**Dataset entries**:

[Start of Attachment]

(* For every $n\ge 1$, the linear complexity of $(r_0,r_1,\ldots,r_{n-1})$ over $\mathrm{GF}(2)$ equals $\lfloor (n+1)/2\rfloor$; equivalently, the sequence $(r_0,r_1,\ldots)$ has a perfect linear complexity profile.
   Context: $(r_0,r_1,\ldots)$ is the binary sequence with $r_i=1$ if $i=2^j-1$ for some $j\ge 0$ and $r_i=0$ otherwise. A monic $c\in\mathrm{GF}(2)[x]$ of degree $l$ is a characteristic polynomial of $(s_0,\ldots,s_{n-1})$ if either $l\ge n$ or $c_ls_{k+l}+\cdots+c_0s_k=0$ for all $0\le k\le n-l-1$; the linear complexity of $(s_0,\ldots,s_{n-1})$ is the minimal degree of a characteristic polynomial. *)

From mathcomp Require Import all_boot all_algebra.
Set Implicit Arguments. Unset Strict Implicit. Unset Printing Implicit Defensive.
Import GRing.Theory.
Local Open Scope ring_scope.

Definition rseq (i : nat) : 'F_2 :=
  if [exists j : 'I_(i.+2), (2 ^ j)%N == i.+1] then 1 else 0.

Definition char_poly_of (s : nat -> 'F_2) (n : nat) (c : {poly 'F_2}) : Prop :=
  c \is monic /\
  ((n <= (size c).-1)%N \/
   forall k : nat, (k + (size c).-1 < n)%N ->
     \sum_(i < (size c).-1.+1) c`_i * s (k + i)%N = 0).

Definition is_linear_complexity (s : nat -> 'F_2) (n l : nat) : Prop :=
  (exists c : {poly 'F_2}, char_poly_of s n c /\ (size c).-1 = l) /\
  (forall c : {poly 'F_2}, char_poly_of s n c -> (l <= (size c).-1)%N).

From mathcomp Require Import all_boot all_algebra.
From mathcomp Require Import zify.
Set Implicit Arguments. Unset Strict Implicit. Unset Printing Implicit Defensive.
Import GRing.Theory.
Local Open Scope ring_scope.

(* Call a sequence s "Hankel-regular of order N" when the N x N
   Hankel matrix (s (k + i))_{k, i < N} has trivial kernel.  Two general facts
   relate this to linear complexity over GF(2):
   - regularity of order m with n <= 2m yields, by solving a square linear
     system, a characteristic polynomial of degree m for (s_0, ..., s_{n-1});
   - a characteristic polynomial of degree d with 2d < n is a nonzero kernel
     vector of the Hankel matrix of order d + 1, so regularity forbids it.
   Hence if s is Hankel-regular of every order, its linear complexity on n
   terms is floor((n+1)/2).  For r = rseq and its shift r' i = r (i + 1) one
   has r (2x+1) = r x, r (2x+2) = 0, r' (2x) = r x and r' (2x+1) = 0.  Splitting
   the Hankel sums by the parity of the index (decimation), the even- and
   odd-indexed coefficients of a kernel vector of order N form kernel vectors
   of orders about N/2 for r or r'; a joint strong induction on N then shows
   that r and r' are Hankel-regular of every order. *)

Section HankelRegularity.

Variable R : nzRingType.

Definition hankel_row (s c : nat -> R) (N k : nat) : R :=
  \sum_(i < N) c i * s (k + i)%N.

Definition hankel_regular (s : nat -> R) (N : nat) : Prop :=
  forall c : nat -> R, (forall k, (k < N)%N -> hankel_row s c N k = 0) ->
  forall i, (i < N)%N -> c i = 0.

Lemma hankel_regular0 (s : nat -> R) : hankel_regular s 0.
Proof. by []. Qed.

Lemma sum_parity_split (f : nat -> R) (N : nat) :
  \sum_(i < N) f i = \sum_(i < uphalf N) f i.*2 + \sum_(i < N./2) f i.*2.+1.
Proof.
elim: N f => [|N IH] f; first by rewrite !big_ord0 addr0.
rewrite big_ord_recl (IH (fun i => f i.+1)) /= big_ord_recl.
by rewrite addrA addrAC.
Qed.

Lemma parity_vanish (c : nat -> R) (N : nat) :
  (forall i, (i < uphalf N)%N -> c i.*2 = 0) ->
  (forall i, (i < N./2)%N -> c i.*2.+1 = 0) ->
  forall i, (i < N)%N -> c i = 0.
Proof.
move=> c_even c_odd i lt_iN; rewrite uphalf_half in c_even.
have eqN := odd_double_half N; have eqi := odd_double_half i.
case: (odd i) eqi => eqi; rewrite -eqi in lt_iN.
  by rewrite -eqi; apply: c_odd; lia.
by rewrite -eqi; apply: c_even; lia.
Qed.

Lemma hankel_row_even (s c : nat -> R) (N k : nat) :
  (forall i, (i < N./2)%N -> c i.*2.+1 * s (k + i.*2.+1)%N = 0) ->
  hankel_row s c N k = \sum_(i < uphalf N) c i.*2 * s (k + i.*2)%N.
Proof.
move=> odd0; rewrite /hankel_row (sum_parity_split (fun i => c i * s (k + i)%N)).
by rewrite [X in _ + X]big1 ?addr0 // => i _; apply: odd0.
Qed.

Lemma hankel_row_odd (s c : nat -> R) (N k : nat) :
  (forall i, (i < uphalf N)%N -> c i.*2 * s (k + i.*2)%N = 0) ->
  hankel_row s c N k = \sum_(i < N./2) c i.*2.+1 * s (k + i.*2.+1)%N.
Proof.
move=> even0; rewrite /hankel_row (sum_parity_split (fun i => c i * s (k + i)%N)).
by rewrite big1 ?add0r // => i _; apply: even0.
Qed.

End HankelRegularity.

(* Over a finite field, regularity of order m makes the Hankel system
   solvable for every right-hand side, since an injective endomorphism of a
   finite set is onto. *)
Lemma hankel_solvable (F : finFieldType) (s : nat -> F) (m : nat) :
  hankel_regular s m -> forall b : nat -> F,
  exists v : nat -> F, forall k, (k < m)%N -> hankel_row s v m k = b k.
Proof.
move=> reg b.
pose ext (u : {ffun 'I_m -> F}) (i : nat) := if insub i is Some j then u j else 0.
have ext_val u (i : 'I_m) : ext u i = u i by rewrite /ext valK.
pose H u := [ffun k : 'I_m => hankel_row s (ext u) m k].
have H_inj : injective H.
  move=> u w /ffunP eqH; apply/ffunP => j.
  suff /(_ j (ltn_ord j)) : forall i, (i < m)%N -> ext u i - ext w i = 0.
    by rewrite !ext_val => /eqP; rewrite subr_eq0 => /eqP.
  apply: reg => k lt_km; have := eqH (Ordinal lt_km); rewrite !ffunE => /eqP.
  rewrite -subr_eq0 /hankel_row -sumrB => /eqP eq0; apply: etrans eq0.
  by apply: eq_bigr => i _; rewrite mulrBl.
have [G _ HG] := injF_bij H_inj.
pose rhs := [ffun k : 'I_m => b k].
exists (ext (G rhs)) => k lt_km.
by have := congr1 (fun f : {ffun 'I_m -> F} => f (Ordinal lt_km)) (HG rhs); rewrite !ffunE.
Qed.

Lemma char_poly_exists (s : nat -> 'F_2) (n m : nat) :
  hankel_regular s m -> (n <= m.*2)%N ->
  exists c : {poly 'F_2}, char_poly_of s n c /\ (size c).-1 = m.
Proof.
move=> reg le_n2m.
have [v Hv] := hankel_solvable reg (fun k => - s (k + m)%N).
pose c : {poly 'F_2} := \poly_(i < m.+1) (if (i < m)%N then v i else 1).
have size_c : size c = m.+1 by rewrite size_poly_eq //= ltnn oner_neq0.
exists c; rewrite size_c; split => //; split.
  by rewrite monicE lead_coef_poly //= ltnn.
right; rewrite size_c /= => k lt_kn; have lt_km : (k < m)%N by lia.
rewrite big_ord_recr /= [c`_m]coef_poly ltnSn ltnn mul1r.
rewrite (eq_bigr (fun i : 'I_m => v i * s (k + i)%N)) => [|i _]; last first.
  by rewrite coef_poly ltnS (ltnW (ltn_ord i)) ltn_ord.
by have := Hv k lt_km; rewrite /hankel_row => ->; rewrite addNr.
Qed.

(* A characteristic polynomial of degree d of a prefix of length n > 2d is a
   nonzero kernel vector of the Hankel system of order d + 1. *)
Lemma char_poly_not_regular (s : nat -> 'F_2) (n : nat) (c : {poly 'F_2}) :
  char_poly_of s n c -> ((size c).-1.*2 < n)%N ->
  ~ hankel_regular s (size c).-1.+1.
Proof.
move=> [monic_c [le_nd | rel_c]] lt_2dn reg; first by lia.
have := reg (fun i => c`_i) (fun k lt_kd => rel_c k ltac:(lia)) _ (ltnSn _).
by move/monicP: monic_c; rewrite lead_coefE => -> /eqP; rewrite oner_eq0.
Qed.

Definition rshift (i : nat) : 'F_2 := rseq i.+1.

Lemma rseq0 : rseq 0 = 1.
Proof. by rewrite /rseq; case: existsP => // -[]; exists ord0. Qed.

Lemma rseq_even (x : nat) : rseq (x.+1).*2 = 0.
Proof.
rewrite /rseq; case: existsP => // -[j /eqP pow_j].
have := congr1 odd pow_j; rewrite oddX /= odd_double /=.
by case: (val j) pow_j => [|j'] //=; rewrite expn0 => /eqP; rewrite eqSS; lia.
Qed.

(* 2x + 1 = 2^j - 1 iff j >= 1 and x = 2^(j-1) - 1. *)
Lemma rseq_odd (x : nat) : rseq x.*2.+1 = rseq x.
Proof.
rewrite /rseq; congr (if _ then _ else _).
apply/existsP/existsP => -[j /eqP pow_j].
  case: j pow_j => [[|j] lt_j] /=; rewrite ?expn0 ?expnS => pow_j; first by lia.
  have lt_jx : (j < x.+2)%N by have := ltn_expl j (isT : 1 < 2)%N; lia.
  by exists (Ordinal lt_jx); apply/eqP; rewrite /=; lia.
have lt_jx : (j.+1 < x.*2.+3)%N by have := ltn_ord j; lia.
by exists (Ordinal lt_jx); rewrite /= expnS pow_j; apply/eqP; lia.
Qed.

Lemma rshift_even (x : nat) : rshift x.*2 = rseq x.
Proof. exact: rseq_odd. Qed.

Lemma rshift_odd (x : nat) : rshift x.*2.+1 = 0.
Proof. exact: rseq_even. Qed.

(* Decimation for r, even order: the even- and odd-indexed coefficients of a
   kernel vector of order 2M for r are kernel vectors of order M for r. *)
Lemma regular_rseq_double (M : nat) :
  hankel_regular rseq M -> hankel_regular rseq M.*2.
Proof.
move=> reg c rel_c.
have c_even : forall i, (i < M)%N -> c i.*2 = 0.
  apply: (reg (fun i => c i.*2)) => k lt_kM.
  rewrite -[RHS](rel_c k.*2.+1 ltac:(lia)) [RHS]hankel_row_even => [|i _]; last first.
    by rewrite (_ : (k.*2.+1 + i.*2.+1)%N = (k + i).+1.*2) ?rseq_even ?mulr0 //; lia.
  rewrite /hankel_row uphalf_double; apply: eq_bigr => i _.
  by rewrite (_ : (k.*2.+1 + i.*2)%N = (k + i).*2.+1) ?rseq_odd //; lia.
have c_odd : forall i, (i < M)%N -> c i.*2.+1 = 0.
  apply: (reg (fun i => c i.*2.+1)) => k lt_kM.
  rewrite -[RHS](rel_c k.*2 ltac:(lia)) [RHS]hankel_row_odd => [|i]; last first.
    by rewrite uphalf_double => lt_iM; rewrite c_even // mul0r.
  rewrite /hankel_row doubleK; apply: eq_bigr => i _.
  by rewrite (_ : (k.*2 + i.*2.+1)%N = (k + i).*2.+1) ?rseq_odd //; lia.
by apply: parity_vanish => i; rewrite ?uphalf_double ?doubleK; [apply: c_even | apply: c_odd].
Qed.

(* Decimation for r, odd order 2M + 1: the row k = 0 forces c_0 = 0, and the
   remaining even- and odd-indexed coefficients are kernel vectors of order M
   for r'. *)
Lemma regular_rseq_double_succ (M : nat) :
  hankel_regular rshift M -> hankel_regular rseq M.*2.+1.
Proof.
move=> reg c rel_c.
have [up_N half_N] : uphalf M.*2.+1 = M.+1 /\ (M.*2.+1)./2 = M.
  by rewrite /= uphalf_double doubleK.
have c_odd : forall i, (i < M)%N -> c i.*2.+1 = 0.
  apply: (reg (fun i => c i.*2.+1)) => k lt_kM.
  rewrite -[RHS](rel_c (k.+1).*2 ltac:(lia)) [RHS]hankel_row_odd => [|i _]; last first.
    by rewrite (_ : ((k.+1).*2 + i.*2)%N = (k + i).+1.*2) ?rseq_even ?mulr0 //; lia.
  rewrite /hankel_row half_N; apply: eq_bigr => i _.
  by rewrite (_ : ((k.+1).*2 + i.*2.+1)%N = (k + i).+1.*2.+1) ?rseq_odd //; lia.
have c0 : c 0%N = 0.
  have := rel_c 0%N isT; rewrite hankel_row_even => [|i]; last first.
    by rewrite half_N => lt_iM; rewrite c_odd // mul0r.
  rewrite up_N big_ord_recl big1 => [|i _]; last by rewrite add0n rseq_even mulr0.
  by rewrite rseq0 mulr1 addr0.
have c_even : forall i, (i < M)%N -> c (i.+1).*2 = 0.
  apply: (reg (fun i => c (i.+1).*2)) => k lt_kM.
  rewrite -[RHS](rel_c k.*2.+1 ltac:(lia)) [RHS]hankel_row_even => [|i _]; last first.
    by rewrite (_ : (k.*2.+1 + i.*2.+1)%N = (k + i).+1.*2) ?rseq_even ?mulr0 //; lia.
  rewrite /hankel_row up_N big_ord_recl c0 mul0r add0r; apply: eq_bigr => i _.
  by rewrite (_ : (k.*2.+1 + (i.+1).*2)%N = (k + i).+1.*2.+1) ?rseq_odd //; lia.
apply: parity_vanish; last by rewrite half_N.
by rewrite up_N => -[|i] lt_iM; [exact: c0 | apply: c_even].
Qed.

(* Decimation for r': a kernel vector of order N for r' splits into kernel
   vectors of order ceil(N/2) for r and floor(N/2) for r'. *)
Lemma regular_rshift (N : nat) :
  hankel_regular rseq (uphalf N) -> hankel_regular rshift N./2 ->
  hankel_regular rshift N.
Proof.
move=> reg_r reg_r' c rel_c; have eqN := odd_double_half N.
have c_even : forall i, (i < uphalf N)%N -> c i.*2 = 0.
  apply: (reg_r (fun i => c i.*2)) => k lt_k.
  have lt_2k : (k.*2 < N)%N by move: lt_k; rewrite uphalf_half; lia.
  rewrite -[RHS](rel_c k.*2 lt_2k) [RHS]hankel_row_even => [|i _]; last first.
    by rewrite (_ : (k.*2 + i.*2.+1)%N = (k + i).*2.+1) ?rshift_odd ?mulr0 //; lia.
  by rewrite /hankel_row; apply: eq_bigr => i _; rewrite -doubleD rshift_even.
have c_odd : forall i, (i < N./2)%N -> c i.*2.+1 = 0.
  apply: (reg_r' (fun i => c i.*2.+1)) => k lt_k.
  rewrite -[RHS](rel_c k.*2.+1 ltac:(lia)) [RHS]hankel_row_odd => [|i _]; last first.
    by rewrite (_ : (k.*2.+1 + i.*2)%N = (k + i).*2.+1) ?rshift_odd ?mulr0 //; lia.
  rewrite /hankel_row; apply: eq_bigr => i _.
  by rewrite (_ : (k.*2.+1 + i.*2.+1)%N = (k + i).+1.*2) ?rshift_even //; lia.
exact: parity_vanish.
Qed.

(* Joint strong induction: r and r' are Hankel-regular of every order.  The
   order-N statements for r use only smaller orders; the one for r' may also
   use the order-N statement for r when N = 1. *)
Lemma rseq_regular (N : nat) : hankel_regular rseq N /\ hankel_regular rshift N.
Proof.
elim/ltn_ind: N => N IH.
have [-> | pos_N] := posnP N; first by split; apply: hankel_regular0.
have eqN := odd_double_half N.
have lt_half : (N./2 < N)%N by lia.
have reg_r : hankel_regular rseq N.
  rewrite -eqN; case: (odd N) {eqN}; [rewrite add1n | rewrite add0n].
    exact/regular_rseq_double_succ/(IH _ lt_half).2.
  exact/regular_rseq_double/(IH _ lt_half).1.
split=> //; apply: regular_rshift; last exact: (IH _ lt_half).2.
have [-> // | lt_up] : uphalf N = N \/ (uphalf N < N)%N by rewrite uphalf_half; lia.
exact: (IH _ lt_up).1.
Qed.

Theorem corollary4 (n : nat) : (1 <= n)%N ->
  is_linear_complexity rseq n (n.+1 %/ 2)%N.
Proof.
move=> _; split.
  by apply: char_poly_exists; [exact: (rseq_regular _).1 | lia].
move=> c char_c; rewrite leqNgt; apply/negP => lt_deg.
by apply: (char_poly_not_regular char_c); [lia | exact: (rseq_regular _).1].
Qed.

[End of Attachment]

**HOW TO COMPLETE THIS TASK**: Your reply is to repeat, unchanged, the lines above running from the one with "rewrite (eq_bigr (fun" up to and including the one with "nonzero kernel vector".

**RESULT OF THIS EXERCISE**:
rewrite (eq_bigr (fun i : 'I_m => v i * s (k + i)%N)) => [|i _]; last first.
  by rewrite coef_poly ltnS (ltnW (ltn_ord i)) ltn_ord.
by have := Hv k lt_km; rewrite /hankel_row => ->; rewrite addNr.
Qed.

(* A characteristic polynomial of degree d of a prefix of length n > 2d is a
   nonzero kernel vector of the Hankel system of order d + 1. *)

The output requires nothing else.